The Surly Steamroller is a nice frame. Bianchi also makes a good bike.


----------



## monogod (Feb 10, 2006)

you want a ready built or roll your own?

gonna ride it year round? put racks on it? fenders? fat tyres? ever want to take it off road?

some of the more common major players...

bianchi san jose or pisa
specialized langster or tricross ss
cannondale capo
redline 925
kona paddy wagon

roll your own with a steamroller, casseroll, cross check, et. al.

ive got a steamroller, langster, and san jose (and numerous old skool conversions) and i cant say enough good about the jose. its light, flickable, huge clearance for fatty tyres and/or fenders (or fatty tyres w/fenders) and you can take it off road too.

san jose



langster is a great bike and surprisingly comfy on the road. (has bullhorns on it now)



steamroller rides really, really nice (hard to beat steel) but is only suited for on road duty.



or find an old road bike on ebay or craigslist and convert it.



you could also get a monkey and run it fixed. fat tyre city fixed riding is a blast! plus you can take it off road for some real mtb fun.

i have a 17/21 dual surly cog on this for easy gear changes (i.e. under 60 seconds). 17 for commuting and 21 for trails. did i mention how incredibly fun this bike is??? :thumbsup:


----------



## ppp2520 (Jan 28, 2008)

thanks man


----------



## robcycle (May 10, 2006)

monogod said:


> ... i cant say enough good about the jose. its light, flickable, huge clearance for fatty tyres and/or fenders (or fatty tyres w/fenders) and you can take it off road too.


 How fatty fat fat can you fit? When I get out of school I want to build up a monstercross bike. Fixed, 42+ mm tires, disc up front. Something I can ride to work on a rainy/snowy day and switch the gearing to tear up the trail. No interest in racing, just having fun. So, the 'Jose the bike for this?

-Rob.


----------



## nspace (May 25, 2006)

I picked up a Steelwool sweet city ss as my commuter.

Steel frame, pewter coloured Steelwool hubs (flip-flop rear), tensions with EBB (would probably prefer trackends. Has enough clearance for cross tires too.

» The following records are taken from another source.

(* Let \(E\in\mathcal{B}_\infty\) be \(\sigma\)-finite for \(\mu\). Then \((E,\mu)\) is purely nonatomic.
   Context: Let $\mathcal{B}$ be the Borel $\sigma$-algebra of $\mathbb{R}$, $\lambda$ the Lebesgue measure, and $\mathcal{B}_{\infty}$ the $\sigma$-algebra on $\mathbb{R}^{\mathbb{N}}$ generated by the cylinder sets $\prod_{i=1}^{m}C_{i}\times\prod_{i=m+1}^{\infty}\mathbb{R}$ with $C_i\in\mathcal{B}$, $m\in\mathbb{N}$. Let $\mathcal{F}(\mathcal{B},\lambda)$ be the set of finite rectangles $\prod_{i\in\mathbb{N}}C_{i}$ with $C_i\in\mathcal{B}$ and $\prod_{i}\lambda(C_i)\in[0,\infty)$, with $\mathrm{vol}(\prod_{i}C_i):=\prod_i\lambda(C_i)$. The measure $\mu$ is the restriction to $\mathcal{B}_{\infty}$ of the outer measure $\mu^{\ast}(A):=\inf\{\sum_{n}\mathrm{vol}(\mathscr{C}_{n}) : \mathscr{C}_{n}\in\mathcal{F}(\mathcal{B},\lambda),\ A\subset\bigcup_{n}\mathscr{C}_{n}\}$ ($\inf\varnothing=\infty$). A measure space is purely nonatomic if it has no atoms, i.e., no measurable $A$ with positive measure such that every measurable $B\subset A$ has measure $0$ or that of $A$. *)

From HB Require Import structures.
From mathcomp Require Import all_boot all_order all_algebra.
From mathcomp Require Import all_classical all_reals all_analysis.
Set Implicit Arguments. Unset Strict Implicit. Unset Printing Implicit Defensive.
Import Order.TTheory GRing.Theory Num.Theory.
Local Open Scope classical_set_scope.
Local Open Scope ring_scope.

Section Rinf.
Variable R : realType.

Definition cylinder (A : set (nat -> R)) : Prop :=
  exists (m : nat) (C : nat -> set R),
    (forall i, measurable (C i)) /\
    A = [set x | forall i, (i < m)%N -> C i (x i)].

Definition Binf : set (set (nat -> R)) := <<s cylinder >>.

Definition rect (C : nat -> set R) : set (nat -> R) :=
  [set x | forall i, C i (x i)].

Definition partial_vol (C : nat -> set R) (n : nat) : \bar R :=
  (\prod_(i < n) (@lebesgue_measure R) (C i))%E.

Definition finrect (C : nat -> set R) (v : R) : Prop :=
  (forall i, measurable (C i)) /\ partial_vol C @ \oo --> v%:E.

(* Outer measure mu^* ; inf of the empty set is +oo. *)
Definition mu_star (A : set (nat -> R)) : \bar R :=
  ereal_inf [set s : \bar R | exists (C : nat -> nat -> set R) (v : nat -> R),
     (forall n, finrect (C n) (v n)) /\
     A `<=` \bigcup_n rect (C n) /\
     s = (\sum_(0 <= n <oo) (v n)%:E)%E].

(* mu = restriction of mu^* to B_infinity. *)
Definition sigma_finite_mu (E : set (nat -> R)) : Prop :=
  exists F : nat -> set (nat -> R),
    E = \bigcup_n F n /\ forall n, Binf (F n) /\ (mu_star (F n) < +oo)%E.

Definition purely_nonatomic (E : set (nat -> R)) : Prop :=
  ~ exists A : set (nat -> R),
      [/\ Binf A, A `<=` E, (0 < mu_star A)%E &
        forall B, Binf B -> B `<=` A -> mu_star B = 0%E \/ mu_star B = mu_star A].

End Rinf.

From HB Require Import structures.
From mathcomp Require Import all_boot all_order all_algebra.
From mathcomp Require Import all_classical all_reals all_analysis.
From mathcomp Require Import ring lra.
Set Implicit Arguments. Unset Strict Implicit. Unset Printing Implicit Defensive.
Import Order.TTheory GRing.Theory Num.Theory.
Local Open Scope classical_set_scope.
Local Open Scope ring_scope.

(* An atom A of finite measure m > 0 is impossible: cover A by finite
   rectangles and slice the first factor of each rectangle along a grid of
   small mesh; this re-covers A by rectangles of volume < m, whose traces on A
   are null by atomicity, so A is null by countable subadditivity.  An atom of
   infinite measure is ruled out the same way, using the pieces of finite
   measure that exhaust E. *)

Section nneseries_pair.
Local Open Scope ereal_scope.
Context {R : realType}.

IMO, I find all the Langster's to be super tacky looking with all the city themed paint schemes.


----------



## Schmucker (Aug 23, 2007)

IRO is probably the best bang of the buck. I have a Mark V. Good hubs, wheels, cranks, bottom bracket. Cheaper FSA headset. Cheap stem, saddle, seat post, handlebars. But those things are easy to swap if they bother you, but none are not strong enough, Tires will wear out fast and are prone to flats. For $590 to your door it's a deal. If you want some more tire clearance there should be some Rob Roy framesets arriving the first week of March.


----------



## mtbdee (Jan 31, 2005)

The On One Il Pompino is pretty nice, still rockin' my grey one. Clearance in the rear is OK (up to 35mm I believe?) and it's a fun 'cross bike too (FW). I can't race 'cross fixed though, it would likely be an uglier sight than it already is.


----------



## madcap (May 26, 2007)

Swobo Sanchez









Origin-8 Uno


----------



## joeleitz (Mar 1, 2010)

Here is a great site for customizable fixed gear bikes that are under $500. They build the bikes using components that you choose and you can pick your own color combination as well. Great city bikes -one would be awesome for a 7 mile ride to work each day.



ppp2520 said:


> i try to get a fixed gear bike to replace my toyota cause i got a new job next week only 7miles from home . i only know IRO any brand recommend? thanks:thumbsup:


----------



## umarth (Dec 5, 2007)

The OP should narrow down his wants for his bike. I have a Soma Rush, which is fantastic, but it is not going to take racks or fenders or fat tires. But I also have a rockhopper with a Tomicog and it does everything at 90% of the speed...

So fat tires, utility, road geometry...?


----------